**What the task requires**:
For the string "Iirr", find every matching line in the records and copy it.

**Listed records**:
(* If $G$ is a nontrivial finite group, then $U(G)=V(G)$ if and only if $G$ is a semi-extraspecial group.
   Context: For a normal subgroup $H$ of $G$, $\mathrm{Irr}(G\mid H)$ is the set of $\chi\in\mathrm{Irr}(G)$ with $H\not\le\ker(\chi)$, and $V(G\mid H)$ is the subgroup generated by all $g\in G$ such that $\chi(g)\ne0$ for some $\chi\in\mathrm{Irr}(G\mid H)$ (with $V(G\mid 1)=1$). For a normal subgroup $N$, $U(G\mid N)$ is the product of all normal subgroups $H$ of $G$ with $V(G\mid H)\le N$, and $U(G)=U(G\mid Z(G))$ (so $U(G)=G$ when $G$ is abelian). $V(G)=V(G\mid G')$, the subgroup generated by all elements on which some nonlinear irreducible character is nonzero. A $p$-group $G$ is semi-extraspecial if $G/N$ is extraspecial for every maximal subgroup $N$ of $Z(G)$. *)

From HB Require Import structures.
From mathcomp Require Import all_boot all_order all_algebra all_fingroup all_solvable all_field all_character.
Set Implicit Arguments.
Unset Strict Implicit.
Unset Printing Implicit Defensive.
Import GroupScope.
Local Open Scope group_scope.

Section Defs.
Variable gT : finGroupType.

Definition VGrel (G : {group gT}) (H : {set gT}) : {set gT} :=
  << [set g in G | [exists i : Iirr G,
        ~~ (H \subset cfker ('chi[G]_i)%R) && (('chi[G]_i)%R g != 0)%R]] >>.

Definition UGrel (G : {group gT}) (N : {set gT}) : {set gT} :=
  << \bigcup_(H : {group gT} | (H <| G) && (VGrel G H \subset N)) H >>.

Definition UG (G : {group gT}) : {set gT} := UGrel G 'Z(G).
Definition VG (G : {group gT}) : {set gT} := VGrel G (G^`(1)).

Definition extraspecial_pgroup (p : nat) (rT : finGroupType) (A : {set rT}) :=
  p.-group A /\ extraspecial A.

Definition semi_extraspecial (G : {group gT}) :=
  exists p : nat, [/\ prime p, p.-group G &
    forall N : {group gT}, maximal N 'Z(G) -> extraspecial_pgroup p (G / N)].
End Defs.

From mathcomp Require Import all_boot all_order all_algebra all_fingroup all_solvable all_field all_character.
Set Implicit Arguments.
Unset Strict Implicit.
Unset Printing Implicit Defensive.
Import Order.TTheory GroupScope GRing.Theory Num.Theory.

(* By the second orthogonality relation, the nonlinear irreducible characters
   all vanish at g exactly when |C_G(g)| = |G : G'|, so V(G) is generated by the
   g with |C_G(g)| <> |G : G'|.  Every normal H lies in V(G|H), and V(G|H) = G
   as soon as H is not contained in G'; so for nonabelian G we get
   U(G) <= G' <= V(G) and U(G) <= Z(G) <= V(G), and U(G) = V(G) says exactly
   that G' = Z(G) = V(G), i.e. G' = Z(G) and [g, G] = Z(G) for all g outside
   Z(G).  In class 2, gN is central in G/N iff [g, G] <= N; this identifies
   Z(G/N) with Z(G)/N for the maximal subgroups N of Z(G), which gives both
   directions of the comparison with semi-extraspecial groups.  The prime p is
   the order of an element g Z(G) of prime order: then Z(G) = [g, G] has
   exponent p because [g, h]^p = [g^p, h] = 1. *)

Section Characters.
Variable gT : finGroupType.
Implicit Types G H : {group gT}.
Local Open Scope ring_scope.

Lemma nonlinear_irr_neq0E G g : g \in G ->
  [exists i : Iirr G, ~~ (G^`(1)%g \subset cfker 'chi[G]_i) && ('chi[G]_i g != 0)]
    = (#|'C_G[g]| != #|G : G^`(1)%g|)%N.
Proof.
move=> Gg; pose nl i := ~~ (G^`(1)%g \subset cfker 'chi[G]_i).
pose S := \sum_(i | nl i) `|'chi[G]_i g| ^+ 2.
have S_ge0 i : nl i -> 0 <= `|'chi[G]_i g| ^+ 2 by rewrite exprn_ge0.
have cardC : (#|'C_G[g]|%:R : algC) = #|G : G^`(1)%g|%:R + S.
  move: (second_orthogonality_relation g Gg); rewrite class_refl mulr1n => <-.
  rewrite (bigID nl) /= addrC.
  congr (_ + _); last by apply: eq_bigr => i _; rewrite normCK.
  rewrite -card_lin_irr -sum1_card natr_sum.
  apply: eq_big => [i | i]; first by rewrite /nl negbK inE lin_irr_der1.
  by move=> /negbNE; rewrite -lin_irr_der1 => lin; rewrite -normCK normC_lin_char ?expr1n.
rewrite -(eqr_nat algC) cardC -subr_eq0 addrAC subrr add0r.
apply/idP/idP => [/existsP[i /andP[nl_i nz_i]] | nzS].
  apply: contra nz_i => /eqP S0.
  by rewrite -normr_eq0 -sqrf_eq0 (psumr_eq0P S_ge0 S0 nl_i).
apply: contraNT nzS => /existsPn all0; apply/eqP; rewrite /S big1 // => i nl_i.
by move: (all0 i); rewrite -/(nl i) nl_i negbK => /eqP ->; rewrite normr0 expr0n.
Qed.

(* The regular character vanishes at [h != 1], while the constituents with [H]
   in their kernel contribute [\sum chi(1)^2 > 0] there. *)
Lemma irr_not_ker_neq0 G H h : H <| G -> h \in H -> h != 1%g ->
  [exists i : Iirr G, ~~ (H \subset cfker 'chi[G]_i) && ('chi[G]_i h != 0)].
Proof.
move=> nsHG Hh ntg; apply: contraNT ntg => /existsPn all0.
pose S := \sum_(i | H \subset cfker 'chi[G]_i) 'chi[G]_i 1%g ^+ 2.
have S_ge0 i : H \subset cfker 'chi[G]_i -> 0 <= 'chi[G]_i 1%g ^+ 2.
  by move=> _; rewrite exprn_ge0 // ltW ?irr1_gt0.
have regS : cfReg G h = S.
  rewrite cfReg_sum sum_cfunE (bigID (fun i => H \subset cfker 'chi[G]_i)) /=.
  rewrite [X in _ + X]big1 ?addr0 => [|i nk]; last first.
    by move: (all0 i); rewrite nk negbK cfunE => /eqP ->; rewrite mulr0.
  apply: eq_bigr => i kerH; rewrite cfunE expr2; congr (_ * _).
  by rewrite -[h]mulg1 cfkerMl // (subsetP kerH).
apply: contraT => ntg.
have S0 : S = 0 by rewrite -regS cfRegE (negPf ntg).
move: (psumr_eq0P S_ge0 S0 (i := 0)); rewrite cfker_irr0 normal_sub // => /(_ isT)/eqP.
by rewrite sqrf_eq0 (negPf (irr1_neq0 0)).
Qed.

Lemma lin_irr_not_ker G H : ~~ (H \subset G^`(1))%g ->
  exists2 i : Iirr G, 'chi[G]_i \is a linear_char & ~~ (H \subset cfker 'chi[G]_i).
Proof.
move=> not_sHG'; apply/exists_inP; apply: contraR not_sHG' => /exists_inPn kerH.
rewrite -cap_cfker_lin_irr; apply/bigcapsP => i lin.
by move: (kerH i lin); rewrite negbK.
Qed.

End Characters.

Section UVSubgroups.
Variable gT : finGroupType.
Implicit Types G H N : {group gT}.

Lemma VGrel_sub G (A : {set gT}) : VGrel G A \subset G.
Proof. by rewrite gen_subG; apply/subsetP => g; rewrite inE => /andP[]. Qed.

Lemma VGrel1 G : VGrel G 1 = 1.
Proof.
apply/trivgP; rewrite gen_subG; apply/subsetP => g.
by rewrite inE => /andP[_ /existsP[i]]; rewrite sub1G.
Qed.

Lemma normal_sub_VGrel G H : H <| G -> H \subset VGrel G H.
Proof.
move=> nsHG; apply/subsetP => h Hh; have [-> | nt_h] := eqVneq h 1; first exact: group1.
by apply: mem_gen; rewrite inE (subsetP (normal_sub nsHG)) // irr_not_ker_neq0.
Qed.

Lemma VGrel_full G H : ~~ (H \subset G^`(1)) -> VGrel G H = G.
Proof.
move=> not_sHG'; have [i lin kerH] := lin_irr_not_ker not_sHG'.
apply/eqP; rewrite eqEsubset VGrel_sub; apply/subsetP => g Gg.
by apply: mem_gen; rewrite inE Gg; apply/existsP; exists i; rewrite kerH lin_char_neq0.
Qed.

Lemma VGE G : VG G = <<[set g in G | #|'C_G[g]| != #|G : G^`(1)|]>>.
Proof.
congr <<_>>; apply/setP => g; rewrite !inE; case Gg: (g \in G) => //=.
exact: nonlinear_irr_neq0E.
Qed.

Lemma der_sub_VG G : G^`(1) \subset VG G.
Proof. exact: normal_sub_VGrel (der_normal 1 G). Qed.

Lemma center_sub_VG G : ~~ abelian G -> 'Z(G) \subset VG G.
Proof.
move=> not_abG; rewrite VGE; apply/subsetP => z /setIP[Gz cGz]; apply: mem_gen.
rewrite inE Gz (setIidPl _ : 'C_G[z] = G) ?sub_cent1 //.
rewrite -(Lagrange (der_sub 1 G)) -[X in _ != X]mul1n eqn_pmul2r ?indexg_gt0 //.
by rewrite /= -trivg_card1; apply: contra not_abG => /eqP/derG1P.
Qed.

Lemma sub_UGrel G N H : H <| G -> VGrel G H \subset N -> H \subset UGrel G N.
Proof. by move=> nsHG sVN; rewrite sub_gen // (bigcup_sup H) ?nsHG. Qed.

Lemma UGrel_sub G N : UGrel G N \subset N.
Proof.
rewrite gen_subG; apply/bigcupsP => H /andP[nsHG sVN].
exact: subset_trans (normal_sub_VGrel nsHG) sVN.
Qed.

Lemma UG_sub_der G : ~~ abelian G -> UG G \subset G^`(1).
Proof.
move=> not_abG; rewrite gen_subG; apply/bigcupsP => H /andP[_ sVZ].
apply: contraR not_abG => not_sHG'.
by rewrite /abelian -{1}(VGrel_full not_sHG') (subset_trans sVZ) ?subsetIr.
Qed.

End UVSubgroups.

Section ClassTwo.
Variable gT : finGroupType.
Implicit Types G N : {group gT}.

(* By [class2_classE] below, the second condition says [g ^: G = g *: 'Z(G)]:
   these are the Camina groups of nilpotency class 2. *)
Definition class2_camina G :=
  G^`(1) = 'Z(G) /\ {in G :\: 'Z(G), forall g, [~: [set g], G] = 'Z(G)}.

Lemma der1_center_nonabelian G : G :!=: 1 -> G^`(1) = 'Z(G) -> ~~ abelian G.
Proof.
move=> ntG G'Z; apply: contra ntG => abG.
by rewrite -(center_idP abG) -G'Z (derG1P abG).
Qed.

**Task solution**:
  << [set g in G | [exists i : Iirr G,
  [exists i : Iirr G, ~~ (G^`(1)%g \subset cfker 'chi[G]_i) && ('chi[G]_i g != 0)]
  [exists i : Iirr G, ~~ (H \subset cfker 'chi[G]_i) && ('chi[G]_i h != 0)].
  exists2 i : Iirr G, 'chi[G]_i \is a linear_char & ~~ (H \subset cfker 'chi[G]_i).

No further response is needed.